# Has anyone used this product



## suzie (Sep 1, 2010)

http://www.forwardthinking.honeywell.com/products/water/amx300/amx300_feature.html


----------



## wyrickmech (Mar 16, 2013)

There is a similar product around here but I haven't got any feed back on it yet. I have ask about it and nobody seem to know much about it. That always sucks when the suppliers can't tell you anything.


----------



## rjbphd (Feb 5, 2010)

suzie said:


> http://www.forwardthinking.honeywell.com/products/water/amx300/amx300_feature.html


Is the " plumber" removing or installing the product???


----------



## love2surf927 (Dec 22, 2011)

rjbphd said:


> Is the " plumber" removing or installing the product???

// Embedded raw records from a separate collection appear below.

(* KL divergence d(x,y) = KL(P_x || P_y) between the members with means
   x and y: b(eta y) - b(eta x) - x (eta y - eta x). *)
Definition ef_kl (x y : R) : R :=
  ef_b F (ef_eta y) - ef_b F (ef_eta x) - x * (ef_eta y - ef_eta x).
End ExpFam.

(* Finite rooted game trees.  Internal nodes carry a label:             *)
(* true = MAX, false = MIN.  A node is identified by its path from the  *)
(* root (the sequence of child indices).                               *)
Inductive tree := Leaf | Node of bool & seq tree.

Fixpoint wf_tree (t : tree) : bool :=
  match t with
  | Leaf => true
  | Node _ cs => (size cs != 0%N) && all wf_tree cs
  end.

Fixpoint subtree (t : tree) (p : seq nat) : option tree :=
  match p with
  | [::] => Some t
  | i :: p' =>
    match t with
    | Leaf => None
    | Node _ cs => if (i < size cs)%N then subtree (nth Leaf cs i) p' else None
    end
  end.

Definition is_leaf (t : tree) (p : seq nat) : bool :=
  if subtree t p is Some Leaf then true else false.

Definition label (t : tree) (p : seq nat) : option bool :=
  if subtree t p is Some (Node b _) then Some b else None.

Fixpoint tfold (A : Type) (fl : seq nat -> A)
    (fn : seq nat -> bool -> seq A -> A) (t : tree) (p : seq nat) : A :=
  match t with
  | Leaf => fl p
  | Node b cs =>
    fn p b ((fix go (cs : seq tree) (i : nat) : seq A :=
              match cs with
              | [::] => [::]
              | c :: cs' => tfold fl fn c (rcons p i) :: go cs' i.+1
              end) cs 0%N)
  end.

Definition leaves (t : tree) (p : seq nat) : seq (seq nat) :=
  tfold (fun q => [:: q]) (fun _ _ ls => flatten ls) t p.

Section Game.
Variable R : realType.

Definition seqmax (s : seq R) : R := foldr Num.max (head 0 s) s.
Definition seqmin (s : seq R) : R := foldr Num.min (head 0 s) s.

Definition value (mu : seq nat -> R) (t : tree) (p : seq nat) : R :=
  tfold mu (fun _ b vs => if b then seqmax vs else seqmin vs) t p.

Variables (d : R -> R -> R) (theta : R) (mu : seq nat -> R) (T : tree).

(* a* = 'win' iff V_{s0}(mu) >= theta; the label P is MAX (true) iff win *)
Definition win : bool := theta <= value mu T [::].

(* the pair (d_s, w^s) computed recursively, with a fixed choice
   cstar (indexing the chosen child of a P-node at path p) and fixed
   arbitrary vectors wdef p (used when d_s = 0) *)
Definition dw (cstar : seq nat -> nat) (wdef : seq nat -> seq nat -> R)
    (t : tree) (p : seq nat) : R * (seq nat -> R) :=
  tfold
    (fun q => (if (win && (theta <= mu q)) || (~~ win && (mu q < theta))
               then d (mu q) theta else 0, fun _ => 1))
    (fun q b cs =>
       let ds := map fst cs in
       let ws := map snd cs in
       let i l := nth 0%N l (size q) in
       if b == win then
         let ds0 := seqmax ds in
         if 0 < ds0 then
           (ds0, fun l => if i l == cstar q then nth (fun _ => 0) ws (i l) l
                          else 0)
         else (ds0, wdef q)
       else
         if all (fun x => 0 < x) ds then
           let h := \sum_(x <- ds) x^-1 in
           (h^-1, fun l => (nth (fun _ => 0) ws (i l) l / nth 0 ds (i l)) / h)
         else (0, wdef q))
    t p.

Definition dnode cstar wdef (q : seq nat) : R :=
  if subtree T q is Some s then (dw cstar wdef s q).1 else 0.
Definition wnode cstar wdef (q : seq nat) : seq nat -> R :=
  if subtree T q is Some s then (dw cstar wdef s q).2 else (fun _ => 0).

End Game.

From Pilot Require Import Defs.
From HB Require Import structures.
From mathcomp Require Import all_boot all_order all_algebra.
From mathcomp Require Import all_classical all_reals all_analysis.
From mathcomp Require Import ring.

Set Implicit Arguments.
Unset Strict Implicit.
Unset Printing Implicit Defensive.

Import Order.TTheory GRing.Theory Num.Theory.
Local Open Scope ring_scope.

(* At a node s with d_s > 0 the recursion passes positive weight only to c*(s) if
   s is a P-node, where d_(c*(s)) = d_s > 0 because c*(s) is an argmax, and to every
   child, rescaled by positive factors, if s is a Q-node, where d_s > 0 forces d_c > 0
   for all children c.  Hence, below a node with positive d, a leaf gets positive weight
   exactly when the path to it keeps d positive and follows c* at P-nodes.
   It remains to see d_(s0) > 0.  Call a value decisive if it lies strictly on the side
   of theta given by a*; V_(s0) is decisive since V_(s0) <> theta.  A decisive P-node has
   a decisive child and a decisive Q-node has only decisive children, and a decisive
   leaf has d = d(mu, theta) > 0 since the KL divergence between distinct members of
   the family is positive; by induction every decisive node has d > 0. *)

Section ExpFamKL.
Variables (R : realType) (F : expfam R).
Local Notation b := (ef_b F).
Local Notation b' := (ef_b F)^`()%classic.

Lemma ef_etaP x : ef_X F x -> ef_Theta F (ef_eta F x) /\ b' (ef_eta F x) = x.
Proof.
by case=> e Te <-; rewrite /ef_eta; set P := (X in xget _ X); exact: (@xgetI _ 0 P e).
Qed.

Lemma ef_b_MVT e1 e2 : ef_Theta F e1 -> ef_Theta F e2 -> e1 < e2 ->
  exists2 z, e1 < z < e2 & b e2 - b e1 = b' z * (e2 - e1).
Proof.
move=> T1 T2 e12.
have Tseg z : e1 <= z <= e2 -> ef_Theta F z by apply: ef_Theta_itv.
have [||z] := @MVT R b b' e1 e2 e12.
- move=> z; rewrite in_itv /= => /andP[z1 z2].
  by rewrite derive1E; apply/derivableP/ef_b_der/Tseg; rewrite !ltW.
- apply: derivable_within_continuous => z; rewrite in_itv /= => z12.
  exact/ef_b_der/Tseg.
- by rewrite in_itv /= => z12 ->; exists z.
Qed.

(* d(x, y) is the Bregman divergence of the strictly convex b between eta x and eta y;
   the MVT makes its sign visible. *)
Lemma ef_kl_gt0 x y : ef_X F x -> ef_X F y -> x != y -> 0 < ef_kl F x y.
Proof.
move=> /ef_etaP[Tx bx] /ef_etaP[Ty byy] xy; rewrite /ef_kl.
set ex := ef_eta F x in Tx bx *; set ey := ef_eta F y in Ty byy *.
have [lt|lt|eq] := ltgtP ex ey; last by move: xy; rewrite -bx -byy eq eqxx.
- have [z /andP[xz zy] ->] := ef_b_MVT Tx Ty lt.
  rewrite -mulrBl mulr_gt0 ?subr_gt0 // -bx; apply: ef_b'_incr => //.
  by apply: (ef_Theta_itv Tx Ty); rewrite !ltW.
- have [z /andP[yz zx] bE] := ef_b_MVT Ty Tx lt.
  have -> : b ey - b ex - x * (ey - ex) = (x - b' z) * (ex - ey).
    by rewrite mulrBl -bE; ring.
  rewrite mulr_gt0 ?subr_gt0 // -bx; apply: ef_b'_incr => //.
  by apply: (ef_Theta_itv Ty Tx); rewrite !ltW.
Qed.

End ExpFamKL.

Section TreeFold.
Variables (A : Type) (fl : seq nat -> A) (fn : seq nat -> bool -> seq A -> A).
Variable p : seq nat.

(* A named copy of the children loop inside [tfold], so that [tfold_Node] holds by
   conversion. *)
Fixpoint tfold_children (cs : seq tree) (i : nat) : seq A :=
  if cs is c :: cs' then tfold fl fn c (rcons p i) :: tfold_children cs' i.+1
  else [::].

Lemma tfold_childrenE cs i : tfold_children cs i =
  mkseq (fun k => tfold fl fn (nth Leaf cs k) (rcons p (i + k)%N)) (size cs).
Proof.
elim: cs i => [|c cs IH] i //=; rewrite IH /mkseq /= (iotaDl 1 0) -map_comp.
by congr (_ :: _); [rewrite addn0 | apply: eq_map => k /=; rewrite addSnnS].
Qed.

Lemma tfold_Node b cs : tfold fl fn (Node b cs) p =
  fn p b (mkseq (fun k => tfold fl fn (nth Leaf cs k) (rcons p k)) (size cs)).
Proof. by rewrite [LHS]/= -/(tfold_children cs 0) tfold_childrenE. Qed.

End TreeFold.

Lemma subtree_cat T p r : subtree T (p ++ r) = obind (subtree^~ r) (subtree T p).
Proof. by elim: p T => [|i p IH] [|b cs] //=; case: ifP. Qed.

Lemma subtree_rcons T p b cs k : subtree T p = Some (Node b cs) ->
  subtree T (rcons p k) = if (k < size cs)%N then Some (nth Leaf cs k) else None.
Proof. by move=> Tp; rewrite -cats1 subtree_cat Tp /=; case: ifP. Qed.

Lemma value_Node (R : realType) (mu : seq nat -> R) b cs p :
  value mu (Node b cs) p =
  let vs := mkseq (fun k => value mu (nth Leaf cs k) (rcons p k)) (size cs) in
  if b then seqmax vs else seqmin vs.
Proof. by rewrite /value tfold_Node; case: b. Qed.

Fixpoint tree_nth_ind (P : tree -> Prop) (PL : P Leaf)
    (PN : forall b cs, (forall k, P (nth Leaf cs k)) -> P (Node b cs)) t : P t :=
  if t is Node b cs then
    PN b cs ((fix nth_ind cs k : P (nth Leaf cs k) :=
      match cs, k return P (nth Leaf cs k) with
      | [::], 0 | [::], _.+1 => PL
      | c :: _, 0 => tree_nth_ind PL PN c
      | _ :: cs', k'.+1 => nth_ind cs' k'
      end) cs)
  else PL.

Section SeqExtrema.
Variable R : realType.
Implicit Types (s : seq R) (x h : R).

Lemma foldr_max_ub h s x : x \in s -> x <= foldr Num.max h s.
Proof.
by elim: s => //= y s IH; rewrite inE le_max => /predU1P[->|/IH->]; rewrite ?lexx ?orbT.
Qed.

Lemma foldr_min_lb h s x : x \in s -> foldr Num.min h s <= x.
Proof.
by elim: s => //= y s IH; rewrite inE ge_min => /predU1P[->|/IH->]; rewrite ?lexx ?orbT.
Qed.

Lemma foldr_max_mem h s : foldr Num.max h s \in h :: s.
Proof.
elim: s => [|y s IH] /=; first exact: mem_head.
rewrite maxEle; case: ifP => _; rewrite !inE ?eqxx ?orbT //.
by move: IH; rewrite inE => /orP[]->; rewrite ?orbT.
Qed.

Lemma foldr_min_mem h s : foldr Num.min h s \in h :: s.
Proof.
elim: s => [|y s IH] /=; first exact: mem_head.
rewrite minEle; case: ifP => _; rewrite !inE ?eqxx ?orbT //.
by move: IH; rewrite inE => /orP[]->; rewrite ?orbT.
Qed.

Lemma seqmax_ub s x : x \in s -> x <= seqmax s.
Proof. exact: foldr_max_ub. Qed.

Lemma seqmin_lb s x : x \in s -> seqmin s <= x.
Proof. exact: foldr_min_lb. Qed.

Lemma seqmax_mem s : s != [::] -> seqmax s \in s.
Proof.
by case: s => // x s _; have := foldr_max_mem x (x :: s); rewrite inE orbA orbb -inE.
Qed.

Lemma seqmin_mem s : s != [::] -> seqmin s \in s.
Proof.
by case: s => // x s _; have := foldr_min_mem x (x :: s); rewrite inE orbA orbb -inE.
Qed.

End SeqExtrema.

Lemma sum_inv_gt0 (R : numFieldType) (s : seq R) :
  s != [::] -> all (fun x => 0 < x) s -> 0 < \sum_(x <- s) x^-1.
Proof.
case: s => // x s _ /andP[x_gt0 s_gt0]; rewrite big_cons.
apply: ltr_pwDl; first by rewrite invr_gt0.
by rewrite big_seq; apply: sumr_ge0 => y ys; rewrite invr_ge0 ltW // (allP s_gt0).
Qed.

Section WeightRecursion.
Variables (R : realType) (d : R -> R -> R) (theta : R) (mu : seq nat -> R) (T : tree).
Variables (cstar : seq nat -> nat) (wdef : seq nat -> seq nat -> R).
Local Notation W := (win theta mu T).
Local Notation dw := (dw d theta mu T cstar wdef).
Local Notation dn := (dnode d theta mu T cstar wdef).
Local Notation wn := (wnode d theta mu T cstar wdef).
Local Notation dkids p n := (mkseq (fun k => dn (rcons p k)) n).
Local Notation kids p cs := (mkseq (fun k => dw (nth Leaf cs k) (rcons p k)) (size cs)).

Lemma dnode_Leaf p : subtree T p = Some Leaf ->
  dn p = if (W && (theta <= mu p)) || (~~ W && (mu p < theta)) then d (mu p) theta
         else 0.
Proof. by rewrite /dnode => ->. Qed.

Section Children.
Variables (p : seq nat) (b : bool) (cs : seq tree).
Hypothesis Tp : subtree T p = Some (Node b cs).

Lemma map_fst_kids : map fst (kids p cs) = dkids p (size cs).
Proof.
rewrite -map_comp; apply/eq_in_map => k; rewrite mem_iota add0n => /= ks.
by rewrite /dnode (subtree_rcons _ Tp) ks.
Qed.

(* Out of range both sides are the junk value 0 (resp. the zero vector), so no bound
   on j is needed. *)
Lemma nth_dkids j : nth 0 (dkids p (size cs)) j = dn (rcons p j).
Proof.
have [js|jsN] := ltnP j (size cs); first by rewrite nth_mkseq.
by rewrite nth_default ?size_mkseq // /dnode (subtree_rcons _ Tp) ltnNge jsN.
Qed.

Lemma nth_snd_kids j : nth (fun _ => 0) (map snd (kids p cs)) j = wn (rcons p j).
Proof.
rewrite /wnode (subtree_rcons _ Tp); have [js|jsN] := ltnP j (size cs).
  by rewrite (nth_map (0, fun _ => 0)) ?size_mkseq // nth_mkseq.
by rewrite nth_default // !size_map size_iota.
Qed.

Lemma dnode_Node : dn p =
  let ds := dkids p (size cs) in
  if b == W then seqmax ds
  else if all (fun x => 0 < x) ds then (\sum_(x <- ds) x^-1)^-1 else 0.
Proof.
have -> : dn p = (dw (Node b cs) p).1 by rewrite /dnode Tp.
by rewrite /Defs.dw tfold_Node /= map_fst_kids; case: (b == W); case: ifP.
Qed.

Lemma wnode_Node l : wn p l =
  let ds := dkids p (size cs) in
  let j := nth 0%N l (size p) in
  if b == W then
    if 0 < seqmax ds then (if j == cstar p then wn (rcons p j) l else 0) else wdef p l
  else if all (fun x => 0 < x) ds then
    wn (rcons p j) l / dn (rcons p j) / \sum_(x <- ds) x^-1
  else wdef p l.
Proof.
have -> : wn p = (dw (Node b cs) p).2 by rewrite /wnode Tp.
rewrite /Defs.dw tfold_Node /= map_fst_kids.
by case: (b == W); case: ifP => //= _; rewrite nth_snd_kids ?nth_dkids.
Qed.

End Children.

Lemma dnode_gt0_all p b cs : subtree T p = Some (Node b cs) -> b != W ->
  0 < dn p -> all (fun x => 0 < x) (dkids p (size cs)).
Proof.
by move=> Tp /negPf bNW; rewrite (dnode_Node Tp) bNW /=; case: ifP; rewrite ?ltxx.
Qed.

Hypothesis cstar_argmax : forall q b cs, subtree T q = Some (Node b cs) -> b = W ->
  (cstar q < size cs)%N /\
  (forall j, (j < size cs)%N -> dn (rcons q j) <= dn (rcons q (cstar q))).

Lemma dnode_cstar p cs : subtree T p = Some (Node W cs) -> dn p = dn (rcons p (cstar p)).
Proof.
move=> Tp; have [cs_gt cmax] := cstar_argmax Tp erefl.
rewrite (dnode_Node Tp) eqxx /=; apply/eqP; rewrite eq_le; apply/andP; split.
  have /mapP[k] : seqmax (dkids p (size cs)) \in dkids p (size cs).
    by apply: seqmax_mem; rewrite -size_eq0 size_mkseq -lt0n (leq_ltn_trans _ cs_gt).
  by rewrite mem_iota add0n => /= ks ->; apply: cmax.
by apply/seqmax_ub/map_f; rewrite mem_iota.
Qed.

Right, what the he'll is he doing with that pipe wrench!


----------



## newyorkcity (Nov 25, 2010)

The item looks great. I'll keep it in mind to try it.
These companies have to do something about the comical pictures though.
The guy needs a bigger wrench. Like the schlemiel in HD picture demos wearing welding gloves to solder...
Picture the marketing people sending someone out to HD to pick up a wrench as a prop for the photo shoot.
OK, now hold the wrench like that - yeah, that's it!


----------



## Donahue756 (Feb 25, 2012)

Hard to sell with a $200.00 price tag, i have sold two of them not worth the added 20 gallons of hot water tops


----------



## SewerRatz (Apr 25, 2009)

Comes standard on a couple models of Bradford White water heaters.


----------



## plbgbiz (Aug 27, 2010)

Donahue756 said:


> Hard to sell with a $200.00 price tag, i have sold two of them not worth the added 20 gallons of hot water tops


Guess that all depends on who is getting stuck with the cold shower.


----------